Normally I enjoy coming to Joe's Diner for my afternoon tea. Today it has too much chrome. I see my reflection everywhere I turn. As a result the diner seems over-crowded and oppressive. My middle-aged face, rugged and without makeup, stares at me from the silvery backsplash and a wavy fun-house grimace peers from the ribbon-edge of the chrome counter. My reflection even mocks me from the side of the mini-jukebox installed in my booth. Absent-mindedly I flip through the album choices trying to turn my dour image into an enthusiastic smile, but a snarl is all I can muster. Anyway, there isn't anything I want to listen to.

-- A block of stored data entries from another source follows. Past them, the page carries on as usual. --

Lemma subrel_pullback : congruence _ th' -> subrel th pullback.
Proof.
  intros th'_cong x y H; unfold pullback.
  rewrite (proj2 (qclass_eq_iff th_cong x y) H); apply cong_refl, th'_cong.
Qed.

Lemma pullback_subrel_eq : subrel pullback th -> forall Y Z, th' Y Z -> Y = Z.
Proof.
  intros pb_th Y Z HYZ; rewrite <- (qclass_qrep Y), <- (qclass_qrep Z).
  apply (qclass_eq_iff th_cong), pb_th; unfold pullback; rewrite !qclass_qrep; exact HYZ.
Qed.

End Pullback.

Section QuotientSub.
Variables (S : signature) (B : algebra S) (th : B -> B -> Prop) (A : B -> Prop).
Hypotheses (th_cong : congruence B th) (A_sub : subuniverse B A).

Lemma qsub_qclass (X : quot_alg B th) :
  @qsub S B th A X <-> exists a, A a /\ X = qclass B th a.
Proof.
  split; intros [a [Ha E]]; exists a; split; auto.
  - apply qcar_eq; exact E.
  - rewrite E; reflexivity.
Qed.

Lemma qsub_subuniverse : subuniverse (quot_alg B th) (@qsub S B th A).
Proof.
  intros o args Hargs.
  destruct (choice _ (fun k => proj1 (qsub_qclass (args k)) (Hargs k))) as [pre Hpre].
  apply qsub_qclass; exists (op B o pre); split; [apply A_sub; apply Hpre|].
  rewrite (qclass_hom th_cong); f_equal.
  apply functional_extensionality; apply Hpre.
Qed.

Lemma almost_total_quot (b : B) :
  (forall c, Sg B (fun x => A x \/ x = b) c) ->
  forall X, Sg (quot_alg B th) (fun Y => @qsub S B th A Y \/ Y = qclass B th b) X.
Proof.
  intros A_b_gen X T T_sub T_gen.
  rewrite <- (qclass_qrep X).
  refine (Sg_ind (P := fun c => T (qclass B th c)) _ _ (A_b_gen (qrep X))).
  - intros o args Hargs; rewrite (qclass_hom th_cong); apply T_sub; exact Hargs.
  - intros x [Hx| ->]; apply T_gen; [left; apply qsub_qclass; eauto|right; reflexivity].
Qed.

(* The classes meeting A form a subuniverse containing A and b. *)
Lemma glued_everywhere (b : B) :
  (forall c, Sg B (fun x => A x \/ x = b) c) ->
  (exists a, A a /\ th a b) -> forall c, exists a, A a /\ th a c.
Proof.
  intros A_b_gen Hab c.
  refine (Sg_ind (P := fun d => exists a, A a /\ th a d) _ _ (A_b_gen c)).
  - intros o args Hargs; destruct (choice _ Hargs) as [f Hf].
    exists (op B o f); split; [apply A_sub; apply Hf|apply cong_op; [exact th_cong|apply Hf]].
  - intros x [Hx| ->]; [exists x; split; [exact Hx|apply cong_refl, th_cong]|exact Hab].
Qed.

End QuotientSub.

Section Main.
Variables (S : signature) (K : algebra S -> Prop) (B : algebra S) (A : B -> Prop) (b : B).
Hypotheses (HK : quasivariety K) (KB : K B) (A_sub : subuniverse B A)
  (A_b_gen : forall c, Sg B (fun x => A x \/ x = b) c) (b_notin_A : ~ A b).

Definition separating (th : B -> B -> Prop) : Prop :=
  ConK K B th /\ forall a, A a -> ~ th a b.

Lemma maximal_separating :
  exists th, separating th /\ forall th', separating th' -> subrel th th' -> subrel th' th.
Proof.
  apply (relation_zorn _ (@eq B)).
  - split; [exact (eq_ConK B HK KB b)|intros a Ha ->; exact (b_notin_A Ha)].
  - intros I i0 val val_sep val_chain; split.
    + apply (union_rel_ConK i0); [intro i; apply val_sep|exact val_chain|exact HK|exact b].
    + intros a Ha [i Hi]; exact (proj2 (val_sep i) a Ha Hi).
Qed.

Lemma full_quot_maximal (th : B -> B -> Prop) :
  separating th -> (forall th', separating th' -> subrel th th' -> subrel th' th) ->
  full K (quot_alg B th) (@qsub S B th A).
Proof.
  intros [[th_cong K_th] th_sep] th_max.
  split; [split|split].
  - apply qsub_subuniverse; assumption.
  - exists (qclass B th b); intros [a [Ha E]]; apply (th_sep a Ha).
    simpl in E; rewrite <- E; apply cong_refl, th_cong.
  - exists (qclass B th b); apply almost_total_quot; assumption.
  - intros th' th'_ConK th'_nontrivial X.
    pose proof (pullback_ConK th_cong HK th'_ConK b) as pb_ConK.
    assert (pb_glues : exists a, A a /\ pullback th' a b).
    { apply NNPP; intro Hn.
      assert (pb_sep : separating (pullback th')) by (split; [exact pb_ConK|eauto]).
      apply th'_nontrivial; intros Y Z; split; [|intros ->; apply cong_refl, th'_ConK].
      apply (pullback_subrel_eq th_cong), (th_max _ pb_sep), subrel_pullback;
        [exact th_cong|exact (proj1 th'_ConK)]. }
    destruct (glued_everywhere (proj1 pb_ConK) A_sub A_b_gen pb_glues (qrep X)) as [a [Ha HaX]].
    exists (qclass B th a); split; [apply qsub_qclass; eauto|].
    unfold pullback in HaX; rewrite qclass_qrep in HaX; exact HaX.
Qed.

End Main.

Theorem mainTheorem3 :
  forall (S : signature) (K : algebra S -> Prop),
    quasivariety K ->
    forall (B : algebra S), K B ->
    forall (A : B -> Prop),
      @proper_sub S B A -> @almost_total S B A ->
      exists theta : B -> B -> Prop,
        @ConK S K B theta /\
        @full S K (@quot_alg S B theta) (@qsub S B theta A).
Proof.
  intros S K HK B KB A [A_sub [c Hc]] [b A_b_gen].
  assert (b_notin_A : ~ A b).
  { intro Hb; apply Hc, (Sg_ind A_sub) with (2 := A_b_gen c); intros x [Hx| ->]; assumption. }
  destruct (maximal_separating B A b HK KB b_notin_A) as [th [th_sep th_max]].
  exists th; split; [exact (proj1 th_sep)|].
  exact (full_quot_maximal HK A_sub A_b_gen th_sep th_max).
Qed.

Damn I wish I wasn't so miserable.

At once I become aware that I am quite warm sitting here in my heavy wool overcoat. It has been bitingly cold these past few days. To combat the chill metastasizing in my bones I have been dressing warmly. I don layer after layer, as I prepare to wander aimlessly through the streets, each Monday and Wednesday. Week after week for six months now this has been my habit. Well I am not wandering aimlessly really; I always end up here, at Joe's Diner, for a cup of tea and a plate of cinnamon toast. I don't know why I limit my roaming to just two days per week. On the other five I do nothing more than sit in a chair and stare out a window in a kind of somnambulistic trance. I should walk every day; it feels good to get outside.

“Excuse me hon can I get you something?” I am interrupted by the stereotype of a 1950's hip-hop waitress, forty years after losing her hop and gaining her hip. She is wearing the traditional pink waitress outfit with the ridiculous white cap to match. She isn't chewing gum, but she might as well be; you think she is when she stands with her hands on her hips, holding a little green notepad in one and a pot of hot coffee in the other. As you would expect, a pencil is tucked behind her ear. She greets me with the same posture every time I eat here. Today, I glare at her.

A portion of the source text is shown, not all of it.